Why you should kill the standing one-on-one meeting
Briefly

Why you should kill the standing one-on-one meeting
"The first worry was trust. Would people feel like they lost access to their manager? They did not. Access improved because help arrived at the right moment: in the middle of a decision, during a roadblock, or on a draft that needed real feedback. Not next Tuesday at 2:30. Leaders I admire do this already. Jensen Huang. Marc Andreessen. Doug Leone."
"The weekly check-in is a habit from an office-first, synchronous work environment. In a remote, product-driven organization, the cost of context switching is high, and most collaboration starts in writing. Recurring 1:1s often slide into status updates or meandering chats. This can be useful at times, yes, but it's a poor default. I want conversations that are tied to goals, decisions, and growth, within the project timeline."
"We switched to a shared doc and a few well-named Slack channels. Now we use short notes that say what changed, what is blocked, what needs a decision, and tag the right people. Because it is written, we skip the catch-up meeting and we have a record of how and why choices were made. When we need to make a decision in the moment we jump into a quick huddle."

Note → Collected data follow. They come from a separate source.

(* Let $G$ be a Tanner graph and $t\ge1$ an integer such that every irreducible lift-realizable pseudocodeword of $G$ has all components in $[0,t]$. Then every irreducible lift-realizable pseudocodeword $p=(p_1,\dots,p_n)$ of $G$ with support set $V$ satisfies (a) $w^{AWGN}(p)\ge \frac{2t^2}{(1+t^2)(t-1)+2t}|V|$ and (b) $w^{BSC}(p)\ge \frac1t|V|$.
   Context: A Tanner graph $G$ is a finite bipartite graph with variable nodes $v_1,\dots,v_n$ and check nodes; its code consists of all $x\in\{0,1\}^n$ with every check node having an even number of neighbours $v_i$ with $x_i=1$. A degree-$\ell$ lift replaces each node by $\ell$ copies and each edge by a perfect matching between copy-sets; a lift-realizable pseudocodeword $p\in\mathbb{Z}_{\ge0}^n$ is obtained from a codeword of the code of a finite lift by letting $p_i$ be the number of copies of $v_i$ assigned 1; it is irreducible if it is not a sum of two or more nonzero codewords/pseudocodewords. The support of $p$ is $\{i:p_i\neq0\}$. For nonzero $p$, with $e$ the smallest number such that the sum of the $e$ largest $p_i$ is at least $\frac12\sum_ip_i$, $w^{BSC}(p)=2e$ if equality holds and $2e-1$ otherwise; $w^{AWGN}(p)=(\sum_ip_i)^2/\sum_ip_i^2$. *)

From mathcomp Require Import all_boot all_order all_algebra all_fingroup.
Set Implicit Arguments. Unset Strict Implicit. Unset Printing Implicit Defensive.
Import Order.TTheory GRing.Theory Num.Theory.

(* A Tanner graph with variable nodes 'I_n and check nodes 'I_m is given by
   its (bipartite, simple) adjacency relation  H c v  (check c -- variable v). *)

(* A degree-l lift: copies (v,a), (c,b) with a,b : 'I_l; each edge (c,v) of H
   is replaced by the perfect matching (v,a) -- (c, pi c v a). *)
Definition lift_codeword (n m l : nat) (H : 'I_m -> 'I_n -> bool)
  (pi : 'I_m -> 'I_n -> {perm 'I_l}) (x : 'I_n -> 'I_l -> bool) : Prop :=
  forall (c : 'I_m) (b : 'I_l),
    ~~ odd #|[set va : 'I_n * 'I_l |
              [&& H c va.1, pi c va.1 va.2 == b & x va.1 va.2]]|.

Definition lift_realizable (n m : nat) (H : 'I_m -> 'I_n -> bool)
  (p : {ffun 'I_n -> nat}) : Prop :=
  exists (l : nat) (pi : 'I_m -> 'I_n -> {perm 'I_l}) (x : 'I_n -> 'I_l -> bool),
    0 < l /\ lift_codeword H pi x /\ forall i, p i = #|[set a | x i a]|.

Definition nonzero_pcw (n : nat) (p : {ffun 'I_n -> nat}) : Prop :=
  exists i, p i != 0.

Definition irreducible (n m : nat) (H : 'I_m -> 'I_n -> bool)
  (p : {ffun 'I_n -> nat}) : Prop :=
  [/\ lift_realizable H p, nonzero_pcw p &
   ~ exists s : seq {ffun 'I_n -> nat},
       [/\ 2 <= size s,
           forall q, q \in s -> lift_realizable H q /\ nonzero_pcw q &
           forall i, p i = \sum_(q <- s) q i]].

Definition pcw_support (n : nat) (p : {ffun 'I_n -> nat}) : {set 'I_n} :=
  [set i | p i != 0].

Definition pcw_total (n : nat) (p : {ffun 'I_n -> nat}) : nat := \sum_i p i.

Definition w_awgn (n : nat) (p : {ffun 'I_n -> nat}) : rat :=
  ((pcw_total p)%:R ^+ 2 / (\sum_i (p i ^ 2))%:R)%R.

Definition top_sum (n : nat) (p : {ffun 'I_n -> nat}) (e : nat) : nat :=
  sumn (take e (sort geq [seq p i | i <- enum 'I_n])).

Definition bsc_e (n : nat) (p : {ffun 'I_n -> nat}) : nat :=
  find (fun e => pcw_total p <= (top_sum p e).*2) (iota 0 n.+1).

Definition w_bsc (n : nat) (p : {ffun 'I_n -> nat}) : nat :=
  if (top_sum p (bsc_e p)).*2 == pcw_total p then (bsc_e p).*2
  else (bsc_e p).*2.-1.

From mathcomp Require Import all_boot all_order all_algebra.
From mathcomp Require Import zify lra.
Import Order.TTheory GRing.Theory Num.Theory.

(* Only the bound [p_i <= t] (and [p <> 0]) of an irreducible pseudocodeword
   is used.  For the AWGN weight, [(p_i - 1)(p_i - t) <= 0] gives
   [sum p_i^2 + t |V| <= (1 + t) sum p_i], and AM-GM turns this into a lower
   bound for [(sum p_i)^2 / sum p_i^2].  For the BSC weight, the [e] largest
   components carry at least half the total and each is at most [t], while
   each remaining nonzero component contributes at least [1] to the other
   half. *)

Section NatSeq.

Implicit Types (s : seq nat) (t e : nat).

Lemma sumn_le_size_mul s t : {in s, forall x, x <= t} -> sumn s <= size s * t.
Proof.
elim: s => //= x s IHs s_le_t.
rewrite mulSn leq_add ?s_le_t ?mem_head // IHs // => y y_s.
by rewrite s_le_t // in_cons y_s orbT.
Qed.

Lemma count_nz_le_sumn s : count (predC1 0) s <= sumn s.
Proof. by elim: s => //= -[|x] s IHs /=; lia. Qed.

Lemma count_nz_le_prefix_weight s t e :
    {in s, forall x, x <= t} -> sumn s <= (sumn (take e s)).*2 ->
  count (predC1 0) s <=
    (if (sumn (take e s)).*2 == sumn s then e.*2 else e.*2.-1) * t.
Proof.
move=> s_le_t half_le.
have sumn_split : sumn s = sumn (take e s) + sumn (drop e s).
  by rewrite -sumn_cat cat_take_drop.
have count_split : count (predC1 0) s =
    count (predC1 0) (take e s) + count (predC1 0) (drop e s).
  by rewrite -count_cat cat_take_drop.
have count_take : count (predC1 0) (take e s) <= e.
  by rewrite (leq_trans (count_size _ _)) // size_take_min geq_minl.
have count_drop := count_nz_le_sumn (drop e s).
have take_le : sumn (take e s) <= e * t.
  apply: leq_trans (sumn_le_size_mul (take e s) t _) _.
    by move=> x /mem_take; apply: s_le_t.
  by rewrite leq_mul2r size_take_min geq_minl orbT.
case: eqP => [half_eq | half_neq].
  by have := count_nz_le_sumn s; lia.
(* k <= e + sumn (drop e s) <= e + e t - 1 <= (2e - 1) t, as (e - 1)(t - 1) >= 0 *)
have drop_lt_take : sumn (drop e s) < sumn (take e s) by lia.
have /[!muln_gt0]/andP[e_pos t_pos] : 0 < e * t by lia.
have et_ge : e + t <= e * t + 1 by nia.
nia.
Qed.

End NatSeq.

Section AwgnAlgebra.

Local Open Scope ring_scope.

Variable R : realFieldType.
Implicit Types (k S Q : R) (t : nat).

Lemma mul_sqrD_le_awgn_denom t : (1 <= t)%N ->
  t%:R * (1 + t%:R) ^+ 2 <= 2 * ((1 + t%:R ^+ 2) * (t%:R - 1) + 2 * t%:R) :> R.
Proof.
(* RHS - LHS = (t - 1)^2 (t - 2) *)
move=> t_ge1; have [->|t_ne1] := eqVneq t 1%N; first lra.
have : 0 <= (t%:R - 1) ^+ 2 * (t%:R - 2) :> R.
  by rewrite mulr_ge0 ?sqr_ge0 // subr_ge0 ler_nat; lia.
nra.
Qed.

Lemma amgm_support_bound t k S Q : 0 <= k -> Q + t%:R * k <= (1 + t%:R) * S ->
  4 * t%:R * k * Q <= (1 + t%:R) ^+ 2 * S ^+ 2.
Proof.
move=> k_ge0 QS.
have tk4_ge0 : 0 <= 4 * (t%:R * k) by rewrite !mulr_ge0.
have Q_le : Q <= (1 + t%:R) * S - t%:R * k by lra.
have := ler_wpM2l tk4_ge0 Q_le.
have := sqr_ge0 ((1 + t%:R) * S - 2 * t%:R * k).
nra.
Qed.

Lemma awgn_ratio_ge t k S Q : (1 <= t)%N -> 0 <= k -> 0 < Q ->
    Q + t%:R * k <= (1 + t%:R) * S ->
  2 * t%:R ^+ 2 / ((1 + t%:R ^+ 2) * (t%:R - 1) + 2 * t%:R) * k <= S ^+ 2 / Q.
Proof.
move=> t_ge1 k_ge0 Q_gt0 QS.
have t_ge1R : 1 <= t%:R :> R by rewrite ler1n.
have denom_gt0 : 0 < (1 + t%:R ^+ 2) * (t%:R - 1) + 2 * t%:R :> R by nra.
rewrite mulrAC ler_pdivrMr // [leRHS]mulrAC ler_pdivlMr //.
have := amgm_support_bound t k S Q k_ge0 QS.
have := mul_sqrD_le_awgn_denom t t_ge1.
nra.
Qed.

End AwgnAlgebra.

Section Pseudoweights.

Variables (n t : nat) (p : {ffun 'I_n -> nat}).
Hypothesis p_le_t : forall i, p i <= t.

Let ps := [seq p i | i <- enum 'I_n].

Lemma card_pcw_support : #|pcw_support p| = count (predC1 0) ps.
Proof.
rewrite cardsE cardE size_filter count_map enumT.
by apply: eq_count => i.
Qed.

Lemma pcw_total_sumn : pcw_total p = sumn ps.
Proof. by rewrite /pcw_total sumnE big_map big_enum. Qed.

Lemma top_sum_bsc_e : pcw_total p <= (top_sum p (bsc_e p)).*2.
Proof.
set P := fun e => pcw_total p <= (top_sum p e).*2.
have P_n : P n.
  rewrite /P /top_sum take_oversize ?size_sort ?size_map -?enumT ?size_enum_ord //.
  by rewrite pcw_total_sumn (perm_sumn (permEl (perm_sort _ _))) -addnn leq_addr.
have has_P : has P (iota 0 n.+1) by apply/hasP; exists n; rewrite // mem_iota add0n ltnSn.
have find_lt : bsc_e p < n.+1 by rewrite -[ltnRHS](size_iota 0) -has_find.
by have := nth_find 0 has_P; rewrite nth_iota.
Qed.

Lemma w_bsc_ge : #|pcw_support p| <= w_bsc p * t.
Proof.
have sorted_perm : perm_eq (sort geq ps) ps by exact: permEl (perm_sort _ _).
rewrite card_pcw_support -(permP sorted_perm) /w_bsc pcw_total_sumn.
rewrite -(perm_sumn sorted_perm) count_nz_le_prefix_weight //.
  by move=> x; rewrite (perm_mem sorted_perm) => /mapP[i _ ->].
by rewrite (perm_sumn sorted_perm) -pcw_total_sumn top_sum_bsc_e.
Qed.

Lemma sum_sq_add_card_support_le :
  \sum_i p i ^ 2 + t * #|pcw_support p| <= (1 + t) * pcw_total p.
Proof.
rewrite -sum1_card big_distrr /pcw_total big_distrr [X in _ + X]big_mkcond.
rewrite -big_split leq_sum // => i _ /=; rewrite inE.
by have := p_le_t i; case: (p i) => [|x] /=; nia.
Qed.

Lemma w_awgn_ge : 1 <= t -> nonzero_pcw p ->
  (2 * t%:R ^+ 2 / ((1 + t%:R ^+ 2) * (t%:R - 1) + 2 * t%:R)
     * #|pcw_support p|%:R <= w_awgn p)%R.
Proof.
move=> t_ge1 [i0 p_i0_nz].
have sum_sq_gt0 : 0 < \sum_i p i ^ 2.
  by rewrite (bigD1 i0) //= addn_gt0 expn_gt0 lt0n p_i0_nz.
apply: awgn_ratio_ge; rewrite ?ler0n ?ltr0n //.
by rewrite nat1r -!natrM -natrD ler_nat; exact: sum_sq_add_card_support_le.
Qed.

End Pseudoweights.

Theorem lemma3 (n m : nat) (H : 'I_m -> 'I_n -> bool) (t : nat) :
  1 <= t ->
  (forall q : {ffun 'I_n -> nat}, irreducible H q -> forall i, q i <= t) ->
  forall p : {ffun 'I_n -> nat}, irreducible H p ->
    ((2 * (t%:R) ^+ 2 / ((1 + (t%:R) ^+ 2) * (t%:R - 1) + 2 * t%:R))
        * (#|pcw_support p|)%:R <= w_awgn p)%R
    /\ ((#|pcw_support p|)%:R / t%:R <= (w_bsc p)%:R :> rat)%R.
Proof.
move=> t_ge1 irreducible_le_t p p_irr.
have p_le_t := irreducible_le_t p p_irr.
have [_ p_nz _] := p_irr.
split; first exact: w_awgn_ge.
by rewrite ler_pdivrMr ?ltr0n // -natrM ler_nat w_bsc_ge.
Qed.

Back-to-back weekly 1:1s can fill calendars without advancing work, especially during rapid feature releases. Canceling standing 1:1s and reserving meetings for new hires or sensitive topics shifted interactions to as-needed moments. Manager access improved as help arrived during active decisions, roadblocks, or draft reviews rather than at scheduled times. In remote, product-driven teams, context switching is costly and written collaboration often precedes synchronous conversation. Replacing recurring meetings with shared documents, concise status notes, targeted Slack channels, and short focused huddles created clearer ownership, documented decisions, and faster alignment with goals and timelines.